Lemma solution_abs_le_Ehat_norm t : RInt x1 0 (2 * PI) = 0 -> RInt x2 0 (2 * PI) = 0 ->
  0 <= t <= 2 * PI ->
  Rabs (x1 t) <= sqrt (2 * PI) * Ehat_norm x1 /\ Rabs (x2 t) <= sqrt (2 * PI) * Ehat_norm x2.
Proof.
  intros I1 I2 Ht; split.
  - apply (zero_mean_abs_le_Ehat_norm x1 dx1); auto; intro u; apply (Hsol u).
  - apply (zero_mean_abs_le_Ehat_norm x2 dx2); auto; intro u; apply (Hsol u).
Qed.

Let zeta mu t := eigen_form a12 a22 b1 b2 mu (x1 t) (x2 t).

Let continuous_R_zeta mu : continuous_R (zeta mu).
Proof. unfold zeta, eigen_form; continuity_R. Qed.

Let periodic_zeta mu : periodic (zeta mu).
Proof. intro t; unfold zeta; rewrite P1, P2; reflexivity. Qed.

Lemma eigen_form_coercive mu d :
  (b1 * a11 - mu) * (b2 * a22 - mu) - b1 * a12 * (b2 * a21) = 0 ->
  0 <= d -> (forall k, d <= delay_symbol k (lam * mu) (tau / lam)) ->
  d * RInt (fun t => zeta mu t ^ 2) 0 (2 * PI) <=
  RInt (fun t => (lam * delay_remainder a11 a12 a21 a22 b1 b2 mu
                   (x1 t) (x2 t) (x1 (t - tau / lam)) (x2 (t - tau / lam))) ^ 2) 0 (2 * PI).
Proof.
  intros Hchar Hd Hsym.
  set (dz t := (b2 * a22 - mu) * dx1 t - b1 * a12 * dx2 t).
  assert (Hdz : forall t, is_derive (zeta mu) t (dz t)).
  { intro t; unfold zeta, eigen_form, dz.
    apply (is_derive_minus (K := R_AbsRing) (V := R_NormedModule)
             (fun t => (b2 * a22 - mu) * x1 t) (fun t => b1 * a12 * x2 t));
      apply is_derive_scal, (Hsol t). }
  eapply Rle_trans; [apply (delay_operator_coercive (zeta mu) dz); auto; unfold dz; continuity_R|].
  right; apply RInt_ext; intros t _; unfold dz, zeta, dx1, dx2.
  rewrite eigen_form_delay_identity by auto; R_eq; ring.
Qed.

Lemma eigen_form_energy mu1 mu2 mu d K m :
  (b1 * a11 - mu) * (b2 * a22 - mu) - b1 * a12 * (b2 * a21) = 0 ->
  0 <= d -> (forall k, d <= delay_symbol k (lam * mu) (tau / lam)) ->
  0 <= K -> delay_remainder_bounded a11 a12 a21 a22 b1 b2 mu1 mu2 mu K ->
  (forall t, 0 <= t <= 2 * PI -> Rabs (x1 t) <= m /\ Rabs (x2 t) <= m) ->
  d * RInt (fun t => zeta mu t ^ 2) 0 (2 * PI) <=
  lam ^ 2 * K * (2 * m ^ 2) *
  (RInt (fun t => zeta mu1 t ^ 2) 0 (2 * PI) + RInt (fun t => zeta mu2 t ^ 2) 0 (2 * PI)).
Proof.
  intros Hchar Hd Hsym HK0 HK Hm; pose proof PI_RGT_0; set (s := tau / lam).
  pose proof (continuous_R_zeta mu1); pose proof (continuous_R_zeta mu2).
  assert (Hshift : forall mu', RInt (fun t => zeta mu' (t - s) ^ 2) 0 (2 * PI)
                              = RInt (fun t => zeta mu' t ^ 2) 0 (2 * PI)).
  { intro mu'; apply (RInt_periodic_translate (fun t => zeta mu' t ^ 2) (- s)).
    - apply continuous_R_pow, continuous_R_zeta.
    - intro t; cbv beta; rewrite periodic_zeta; reflexivity. }
  eapply Rle_trans; [apply eigen_form_coercive; auto|]; fold s.
  apply Rle_trans with (RInt (fun t => lam ^ 2 * K * (2 * m ^ 2) *
                          (zeta mu1 (t - s) ^ 2 + zeta mu2 (t - s) ^ 2)) 0 (2 * PI)).
  - apply RInt_le_R; [lra | unfold delay_remainder; continuity_R | continuity_R |].
    intros t Ht; destruct (Hm t Ht); apply delay_remainder_sqr_le; auto.
  - rewrite RInt_Rmult_l, RInt_Rplus, !Hshift by continuity_R; lra.
Qed.

Lemma small_solution_vanishes mu1 mu2 d K1 K2 m1 :
  mu1 <> mu2 -> b1 * a12 <> 0 ->
  (b1 * a11 - mu1) * (b2 * a22 - mu1) - b1 * a12 * (b2 * a21) = 0 ->
  (b1 * a11 - mu2) * (b2 * a22 - mu2) - b1 * a12 * (b2 * a21) = 0 ->
  0 < d -> (forall k, d <= delay_symbol k (lam * mu1) (tau / lam)) ->
  (forall k, d <= delay_symbol k (lam * mu2) (tau / lam)) ->
  0 <= K1 -> delay_remainder_bounded a11 a12 a21 a22 b1 b2 mu1 mu2 mu1 K1 ->
  0 <= K2 -> delay_remainder_bounded a11 a12 a21 a22 b1 b2 mu1 mu2 mu2 K2 ->
  RInt x1 0 (2 * PI) = 0 -> RInt x2 0 (2 * PI) = 0 -> Ehat_norm x1 <= m1 -> Ehat_norm x2 <= m1 ->
  lam ^ 2 * ((K1 + K2) * (4 * PI)) * m1 ^ 2 < d ->
  forall t, x1 t = 0 /\ x2 t = 0.
Proof.
  intros Hmu HB Hchar1 Hchar2 Hd Hsym1 Hsym2 HK1 RK1 HK2 RK2 I1 I2 N1 N2 Hsmall t.
  pose proof PI_RGT_0; set (m := sqrt (2 * PI) * m1).
  assert (Hm : forall t, 0 <= t <= 2 * PI -> Rabs (x1 t) <= m /\ Rabs (x2 t) <= m).
  { intros u Hu; destruct (solution_abs_le_Ehat_norm u I1 I2 Hu).
    pose proof (sqrt_pos (2 * PI)); unfold m; split; eapply Rle_trans; eauto;
      apply Rmult_le_compat_l; auto. }
  replace (lam ^ 2 * ((K1 + K2) * (4 * PI)) * m1 ^ 2) with (lam ^ 2 * (K1 + K2) * (2 * m ^ 2))
    in Hsmall
    by (unfold m; rewrite Rpow_mult_distr, pow2_sqrt by lra; ring).
  pose proof (eigen_form_energy mu1 mu2 mu1 d K1 m Hchar1 ltac:(lra) Hsym1 HK1 RK1 Hm) as E1.
  pose proof (eigen_form_energy mu1 mu2 mu2 d K2 m Hchar2 ltac:(lra) Hsym2 HK2 RK2 Hm) as E2.
  set (S1 := RInt (fun t => zeta mu1 t ^ 2) 0 (2 * PI)) in *.
  set (S2 := RInt (fun t => zeta mu2 t ^ 2) 0 (2 * PI)) in *.
  assert (0 <= S1) by (apply RInt_sqr_ge_0; [lra | apply continuous_R_zeta]).
  assert (0 <= S2) by (apply RInt_sqr_ge_0; [lra | apply continuous_R_zeta]).
  assert (HS : S1 + S2 <= 0).
  { destruct (Rle_lt_dec (S1 + S2) 0) as [|Hpos]; auto.
    assert (lam ^ 2 * (K1 + K2) * (2 * m ^ 2) * (S1 + S2) < d * (S1 + S2))
      by (apply Rmult_lt_compat_r; auto).
    lra. }
  assert (Hzero : forall mu', RInt (fun t => zeta mu' t ^ 2) 0 (2 * PI) <= 0 -> zeta mu' t = 0).
  { intros mu' Hint; apply (RInt_sqr_le_0_eq_0 (zeta mu') t (t + 2 * PI)); [auto | lra | lra |].
    rewrite RInt_periodic_window; auto; [apply continuous_R_pow, continuous_R_zeta|].
    intro u; cbv beta; rewrite periodic_zeta; reflexivity. }
  apply (eigen_form_eq_0 a12 a22 b1 b2 mu1 mu2); auto; apply Hzero; [fold S1 | fold S2]; lra.
Qed.

End PeriodicSolution.

Lemma sqr_sqrt_ratio_lt K d : 0 <= K -> 0 < d -> K * sqrt (d / (2 * (K + 1))) ^ 2 < d.
Proof.
  intros HK Hd; rewrite pow2_sqrt by (apply Rdiv_le_0_compat; lra).
  replace (K * (d / (2 * (K + 1)))) with (d * (K / (2 * (K + 1)))) by (field; lra).
  rewrite <- (Rmult_1_r d) at 2; apply Rmult_lt_compat_l; [lra|].
  apply Rlt_div_l; lra.
Qed.

Theorem lemma4p1
  (r1 r2 a11 a12 a21 a22 b1 b2 mu1 mu2 tau lam1 lam2 : R) (n1 n2 : nat) :
  0 < a11 -> 0 < a12 -> 0 < a21 -> 0 < a22 ->
  a11 * a22 - a12 * a21 <> 0 ->
  a11 * b1 + a12 * b2 = r1 -> a21 * b1 + a22 * b2 = r2 ->
  0 < b1 -> 0 < b2 ->
  (forall y1 y2 : R, (y1 <> 0 \/ y2 <> 0) ->
     (a11 * y1 + a12 * y2) * y1 + (a21 * y1 + a22 * y2) * y2 > 0) ->
  is_eigenvalue2 (b1 * a11) (b1 * a12) (b2 * a21) (b2 * a22) mu1 ->
  is_eigenvalue2 (b1 * a11) (b1 * a12) (b2 * a21) (b2 * a22) mu2 ->
  0 < mu1 -> 0 < mu2 ->
  0 < tau ->
  Rmin (2 * PI / mu1) (2 * PI / mu2) < tau ->
  n1 <> n2 ->
  PI / 2 + 2 * INR n1 * PI < mu1 * tau < PI / 2 + 2 * (INR n1 + 1) * PI ->
  PI / 2 + 2 * INR n2 * PI < mu2 * tau < PI / 2 + 2 * (INR n2 + 1) * PI ->
  0 < lam1 -> 0 < lam2 -> lam1 < lam2 ->
  exists m1 : R, 0 < m1 /\
    forall (lam : R) (x1 x2 : R -> R),
      lam1 <= lam <= lam2 ->
      in_Theta0 b1 b2 x1 x2 ->
      solves_P a11 a12 a21 a22 b1 b2 tau lam x1 x2 ->
      (exists t, x1 t <> 0 \/ x2 t <> 0) ->
      ~ (Ehat_norm x1 <= m1 /\ Ehat_norm x2 <= m1).
Proof.
  intros _ Ha12 _ _ _ _ _ Hb1 Hb2 _ He1 He2 Hmu1 Hmu2 Htau _ Hn Hw1 Hw2 Hlam1 _ _.
  assert (Hmu : mu1 <> mu2) by (intros <-; apply Hn, (in_window_unique n1 n2 (mu1 * tau)); auto).
  assert (HB : b1 * a12 <> 0) by (apply Rgt_not_eq, Rmult_lt_0_compat; auto).
  destruct (delay_remainder_bound a11 a12 a21 a22 b1 b2 mu1 mu2 mu1) as [K1 [HK1 RK1]]; auto.
  destruct (delay_remainder_bound a11 a12 a21 a22 b1 b2 mu1 mu2 mu2) as [K2 [HK2 RK2]]; auto.
  pose proof (sin_lt_1_in_window n1 _ Hw1); pose proof (sin_lt_1_in_window n2 _ Hw2).
  set (d := Rmin (delay_symbol_floor mu1 tau lam1) (delay_symbol_floor mu2 tau lam1)).
  assert (Hd : 0 < d) by (apply Rmin_glb_lt; apply delay_symbol_floor_pos; auto).
  set (C := (K1 + K2) * (4 * PI)); set (K := lam2 ^ 2 * C).
  assert (HC : 0 <= C) by (pose proof PI_RGT_0; apply Rmult_le_pos; lra).
  assert (HK : 0 <= K) by (apply Rmult_le_pos; [apply pow2_ge_0 | auto]).
  exists (sqrt (d / (2 * (K + 1)))); split; [apply sqrt_lt_R0, Rdiv_lt_0_compat; lra|].
  intros lam x1 x2 Hlam [[Hx1 [Px1 [_ Ix1]]] [[Hx2 [Px2 [_ Ix2]]] _]] Hsol [t0 Ht0] [N1 N2].
  destruct (small_solution_vanishes a11 a12 a21 a22 b1 b2 tau lam x1 x2 Hsol Hx1 Hx2 Px1 Px2
              mu1 mu2 d K1 K2 (sqrt (d / (2 * (K + 1)))) Hmu HB
              (is_eigenvalue2_char _ _ _ _ _ He1) (is_eigenvalue2_char _ _ _ _ _ He2) Hd)
    with (t := t0); try tauto.
  - intro k; eapply Rle_trans; [apply Rmin_l | apply delay_symbol_ge_floor; auto; lra].
  - intro k; eapply Rle_trans; [apply Rmin_r | apply delay_symbol_ge_floor; auto; lra].
  - eapply Rle_lt_trans; [|apply (sqr_sqrt_ratio_lt K d); auto].
    apply Rmult_le_compat_r; [apply pow2_ge_0 | apply Rmult_le_compat_r; [auto|]].
    apply pow_incr; lra.
Qed.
* * *
From the material above, set down exactly the lines between the line holding "0 < b1 -> 0 < b2 ->" and the line holding "a22) mu2 ->", inclusive. Include nothing else.

**ANSWER SPACE:**
  0 < b1 -> 0 < b2 ->
  (forall y1 y2 : R, (y1 <> 0 \/ y2 <> 0) ->
     (a11 * y1 + a12 * y2) * y1 + (a21 * y1 + a22 * y2) * y2 > 0) ->
  is_eigenvalue2 (b1 * a11) (b1 * a12) (b2 * a21) (b2 * a22) mu1 ->
  is_eigenvalue2 (b1 * a11) (b1 * a12) (b2 * a21) (b2 * a22) mu2 ->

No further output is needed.